- **Work item**:
Which of the lines in the data below contain the string "ltac"? Copy each of them.
● ● ●
Lemma Ncov_ge_oscillation_grid (G : pt -> Prop) (f : R -> R) (ak bk : nat -> R) (N J : nat) H r :
  continuity f -> 0 < r -> r * INR J <= H ->
  (forall k, (k <= N)%nat -> ak k <= bk k /\ f (ak k) <= - H /\ H <= f (bk k)) ->
  (forall k, (k < N)%nat -> bk k + r < ak (S k)) ->
  (forall k t, (k <= N)%nat -> ak k <= t <= bk k -> Rabs (f t) <= H -> G (t, f t)) ->
  Rbar_le (INR (S N * S J)) (Ncov G r).
Proof.
  intros Hf Hr HJ Hosc Hgap HG.
  assert (Hrange : forall j, (j <= J)%nat -> - H <= - H + 2 * r * INR j <= H).
  { intros j Hj; apply le_INR in Hj; pose proof (pos_INR j); nra. }
  destruct (IVT_grid f ak bk (fun j => - H + 2 * r * INR j) N J Hf) as [T HTT].
  { intros k j Hk Hj; destruct (Hosc k Hk) as [Hab [Ha Hb]]; specialize (Hrange j Hj).
    split; [exact Hab | lra]. }
  pose proof (separated_intervals_gap ak bk N r (Rlt_le _ _ Hr)
                (fun k Hk => proj1 (Hosc k Hk)) Hgap) as Hsep.
  set (P := fun kj : nat * nat => (T (fst kj) (snd kj), f (T (fst kj) (snd kj)))).
  set (grid := list_prod (seq 0 (S N)) (seq 0 (S J))).
  assert (Hgrid : forall k j, In (k, j) grid -> (k <= N)%nat /\ (j <= J)%nat).
  { intros k j Hkj; apply in_prod_iff in Hkj as [Hk Hj]; apply in_seq in Hk, Hj; lia. }
  replace (S N * S J)%nat with (length grid) by (unfold grid; now rewrite length_prod, !length_seq).
  apply (Ncov_ge_separated G r P); [apply NoDup_list_prod; apply seq_NoDup | |].
  - intros [k j] Hkj; destruct (Hgrid k j Hkj) as [Hk Hj], (HTT k j Hk Hj) as [Ht Hft].
    unfold P; simpl.
    apply (HG k); [exact Hk | exact Ht |]; rewrite Hft; apply Rabs_le, Hrange, Hj.
  - intros [k j] [k' j'] Hkj Hkj' Hne; unfold P; simpl.
    destruct (Hgrid k j Hkj) as [Hk Hj], (HTT k j Hk Hj) as [Ht Hft].
    destruct (Hgrid k' j' Hkj') as [Hk' Hj'], (HTT k' j' Hk' Hj') as [Ht' Hft'].
    destruct (Nat.lt_total k k') as [Hlt | [<- | Hlt]].
    + specialize (Hsep k k' ltac:(lia)).
      eapply Rlt_le_trans; [|apply dist2_ge_abs_fst]; simpl; rewrite Rabs_left; lra.
    + eapply Rlt_le_trans; [|apply dist2_ge_abs_snd]; simpl; rewrite Hft, Hft'.
      replace (- H + 2 * r * INR j - (- H + 2 * r * INR j')) with (2 * r * (INR j - INR j')) by ring.
      rewrite Rabs_mult, (Rabs_right (2 * r)) by lra.
      assert (Hjj : j <> j') by congruence; pose proof (Rabs_INR_sub_ge_1 j j' Hjj); nra.
    + specialize (Hsep k' k ltac:(lia)).
      eapply Rlt_le_trans; [|apply dist2_ge_abs_fst]; simpl; rewrite Rabs_right; lra.
Qed.

(** * The chirp *)

Definition chirp (b t : R) : R := exp (- b * t) * sin (exp t).

Lemma continuity_chirp b : continuity (chirp b).
Proof. apply continuity_of_ex_derive; intros x; unfold chirp; auto_derive; easy. Qed.

Lemma trough_abscissa_ge_1 (n : nat) : (1 <= n)%nat -> 1 <= 2 * PI * INR n - PI / 2.
Proof. intros Hn; apply le_INR in Hn; pose proof PI2_1; simpl in Hn; nra. Qed.

Lemma chirp_trough b (n : nat) : (1 <= n)%nat ->
  chirp b (ln (2 * PI * INR n - PI / 2)) = - exp (- b * ln (2 * PI * INR n - PI / 2)).
Proof.
  intros Hn; apply le_INR in Hn; pose proof PI2_1.
  unfold chirp; rewrite exp_ln by (simpl in Hn; nra).
  replace (2 * PI * INR n - PI / 2) with (- (PI / 2) + 2 * INR n * PI) by ring.
  rewrite sin_period, sin_neg, sin_PI2; ring.
Qed.

Lemma chirp_crest b (n : nat) :
  chirp b (ln (2 * PI * INR n + PI / 2)) = exp (- b * ln (2 * PI * INR n + PI / 2)).
Proof.
  pose proof (pos_INR n); pose proof PI2_1.
  unfold chirp; rewrite exp_ln by nra.
  replace (2 * PI * INR n + PI / 2) with (PI / 2 + 2 * INR n * PI) by ring.
  rewrite sin_period, sin_PI2; ring.
Qed.

Section ChirpWindow.

Variables (b r : R) (K0 : nat).
Hypotheses (b_bounds : 0 < b < 1) (K0_pos : (1 <= K0)%nat) (r_pos : 0 < r).

Let X := 2 * PI * INR K0 - PI / 2.
Let l := ln X.
Let a := exp (- b * l).

Let X_ge_1 : 1 <= X := trough_abscissa_ge_1 K0 K0_pos.

(* [r X <= 1/4] makes [r] smaller than the gap, about [PI / X], between a crest
   and the next trough. *)
Hypotheses (window_small : 4 * a < 1) (many_periods : PI <= a * X)
  (fine_scale : r * X <= / 4).

Let trough (k : nat) := ln (2 * PI * INR (K0 + k) - PI / 2).
Let crest (k : nat) := ln (2 * PI * INR (K0 + k) + PI / 2).

Lemma chirp_window_trough_shift k : 2 * PI * INR (K0 + k) - PI / 2 = X + 2 * PI * INR k.
Proof. unfold X; rewrite plus_INR; ring. Qed.

Lemma chirp_window_l_le_trough k : l <= trough k.
Proof.
  pose proof X_ge_1; pose proof (pos_INR k); pose proof PI2_1.
  unfold trough, l; rewrite chirp_window_trough_shift; apply ln_le; nra.
Qed.

Lemma chirp_window_trough_le_crest k : trough k <= crest k.
Proof.
  pose proof X_ge_1; pose proof (pos_INR k); pose proof PI2_1.
  unfold trough, crest; apply ln_le; [rewrite chirp_window_trough_shift; nra | lra].
Qed.

Lemma chirp_window_crest_le k : 2 * PI * INR k + PI <= 2 * (a * X) -> crest k <= l + 2 * a.
Proof.
  intros Hk; pose proof X_ge_1; pose proof (pos_INR k); pose proof PI2_1.
  set (u := (2 * PI * INR k + PI) / X).
  assert (Hu : u <= 2 * a).
  { unfold u; apply Rle_div_l; lra. }
  assert (Hcrest : 2 * PI * INR (K0 + k) + PI / 2 = X * (1 + u)).
  { replace (2 * PI * INR (K0 + k) + PI / 2) with (X + (2 * PI * INR k + PI))
      by (unfold X; rewrite plus_INR; lra).
    unfold u; field; lra. }
  assert (Hu0 : 0 <= u) by (apply Rdiv_le_0_compat; nra).
  assert (ln (1 + u) <= u)
    by (rewrite <- (ln_exp u) at 2; apply ln_le; [lra | apply exp_ineq1_le]).
  unfold crest; rewrite Hcrest, ln_mult by lra; unfold l; lra.
Qed.

Lemma chirp_window_gap k : 2 * PI * INR (S k) + PI <= 2 * (a * X) -> crest k + r < trough (S k).
Proof.
  intros Hk; pose proof X_ge_1; pose proof (pos_INR k); pose proof PI2_1.
  assert (Ha : 0 < a) by apply exp_pos.
  rewrite S_INR in Hk.
  set (Q := 2 * PI * INR (K0 + k) + PI / 2).
  assert (HQ : 2 * PI * INR (K0 + S k) - PI / 2 = Q + PI)
    by (unfold Q; rewrite !plus_INR, S_INR; lra).
  assert (HQX : Q + PI <= 2 * X) by (rewrite <- HQ, chirp_window_trough_shift, S_INR; nra).
  assert (Hr1 : r < 1) by nra.
  assert (Hexp : exp r <= / (1 - r)).
  { rewrite <- (Rinv_inv (exp r)), <- exp_Ropp; apply Rinv_le_contravar; [lra|].
    pose proof (exp_ineq1_le (- r)); lra. }
  assert (HQpos : 0 < Q) by (unfold Q; rewrite plus_INR; pose proof (pos_INR K0); nra).
  assert (Q * / (1 - r) < Q + PI) by (apply Rlt_div_l; nra).
  apply exp_lt_inv; unfold crest, trough; fold Q; rewrite HQ, exp_plus, exp_ln by lra.
  rewrite exp_ln by lra; nra.
Qed.

Lemma chirp_window_amplitude t : l <= t <= l + 2 * a -> a / 2 <= exp (- b * t).
Proof.
  intros Ht; assert (Ha : 0 < a) by apply exp_pos.
  assert (Hlow : a * exp (- (2 * b * a)) <= exp (- b * t)).
  { replace (a * exp (- (2 * b * a))) with (exp (- b * l + - (2 * b * a)))
      by (rewrite exp_plus; reflexivity).
    apply exp_le_exp; nra. }
  pose proof (exp_ineq1_le (- (2 * b * a))); nra.
Qed.

Lemma chirp_window_periods : exists N : nat,
  (forall k, (k <= N)%nat -> 2 * PI * INR k + PI <= 2 * (a * X)) /\ a * X / (2 * PI) <= INR N + 1.
Proof.
  pose proof PI2_1; assert (Hperiods : 1 <= a * X / PI) by (apply Rle_div_r; lra).
  destruct (nat_floor (a * X / PI - 1 / 2)) as [N HN]; [lra|].
  exists N; split.
  - intros k Hk; apply le_INR in Hk.
    assert (INR k * PI <= a * X - PI / 2); [|nra].
    apply Rle_div_r; [lra|].
    replace ((a * X - PI / 2) / PI) with (a * X / PI - 1 / 2) by (field; lra); lra.
  - replace (a * X / (2 * PI)) with (a * X / PI - a * X / PI / 2) by (field; lra); lra.
Qed.

Lemma Ncov_chirp_window_ge :
  Rbar_le (a * X * a / (4 * PI * r))
    (Ncov (fun p => disc (l, chirp b l) (4 * a) p /\ graph (fun t => 0 <= t) (chirp b) p) r).
Proof.
  pose proof X_ge_1; pose proof PI2_1; assert (Ha : 0 < a) by apply exp_pos.
  assert (Hl : 0 <= l) by (rewrite <- ln_1; apply ln_le; lra).
  destruct chirp_window_periods as [N [Hfit HN]].
  destruct (nat_floor (a / 2 / r)) as [J HJ]; [apply Rlt_le, Rdiv_lt_0_compat; lra|].
  assert (Hwindow : forall k t, (k <= N)%nat -> trough k <= t <= crest k -> l <= t <= l + 2 * a).
  { intros k t Hk Ht; pose proof (chirp_window_l_le_trough k).
    pose proof (chirp_window_crest_le k (Hfit k Hk)); lra. }
  apply Rbar_le_trans with (INR (S N * S J)).
  { change (a * X * a / (4 * PI * r) <= INR (S N * S J)); rewrite mult_INR, !S_INR.
    assert (a / (2 * r) <= INR J + 1).
    { replace (a / (2 * r)) with (a / 2 / r) by (field; lra); lra. }
    replace (a * X * a / (4 * PI * r)) with (a * X / (2 * PI) * (a / (2 * r))) by (field; lra).
    apply Rmult_le_compat; try lra; apply Rdiv_le_0_compat; nra. }
  apply (Ncov_ge_oscillation_grid _ (chirp b) trough crest N J (a / 2) r).
  - apply continuity_chirp.
  - exact r_pos.
  - destruct HJ as [HJ _]; apply Rle_div_r in HJ; lra.
  - intros k Hk; split; [apply chirp_window_trough_le_crest|].
    pose proof (chirp_window_trough_le_crest k) as Hac.
    pose proof (chirp_window_amplitude (trough k)) as Htrough.
    pose proof (chirp_window_amplitude (crest k)) as Hcrest.
    pose proof (Hwindow k (trough k) Hk); pose proof (Hwindow k (crest k) Hk).
    unfold trough, crest in *; rewrite chirp_trough, chirp_crest by lia.
    split; [apply Ropp_le_contravar, Htrough | apply Hcrest]; lra.
  - intros k Hk; apply chirp_window_gap, Hfit, Hk.
  - intros k t Hk Ht Hamp; specialize (Hwindow k t Hk Ht); split; [|split; simpl; lra].
    assert (Hz : chirp b l = - a) by exact (chirp_trough b K0 K0_pos).
    unfold disc; eapply Rle_trans; [apply dist2_le_abs_add|]; simpl; rewrite Hz.
    apply Rabs_le_between in Hamp; unfold Rabs; repeat destruct Rcase_abs; lra.
Qed.

End ChirpWindow.

Section ChirpScales.

Variables (theta b : R) (K0 : nat).
Hypotheses (theta_lt_b : 0 < theta < b) (b_lt_1 : b < 1) (K0_pos : (1 <= K0)%nat).

Let X := 2 * PI * INR K0 - PI / 2.
Let l := ln X.
Let a := exp (- b * l).
Let r := Rpower (4 * a) (1 / theta).
Let X_ge_1 : 1 <= X := trough_abscissa_ge_1 K0 K0_pos.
● ● ●
- **Solution to the exercise**:
    + specialize (Hsep k k' ltac:(lia)).
    + specialize (Hsep k' k ltac:(lia)).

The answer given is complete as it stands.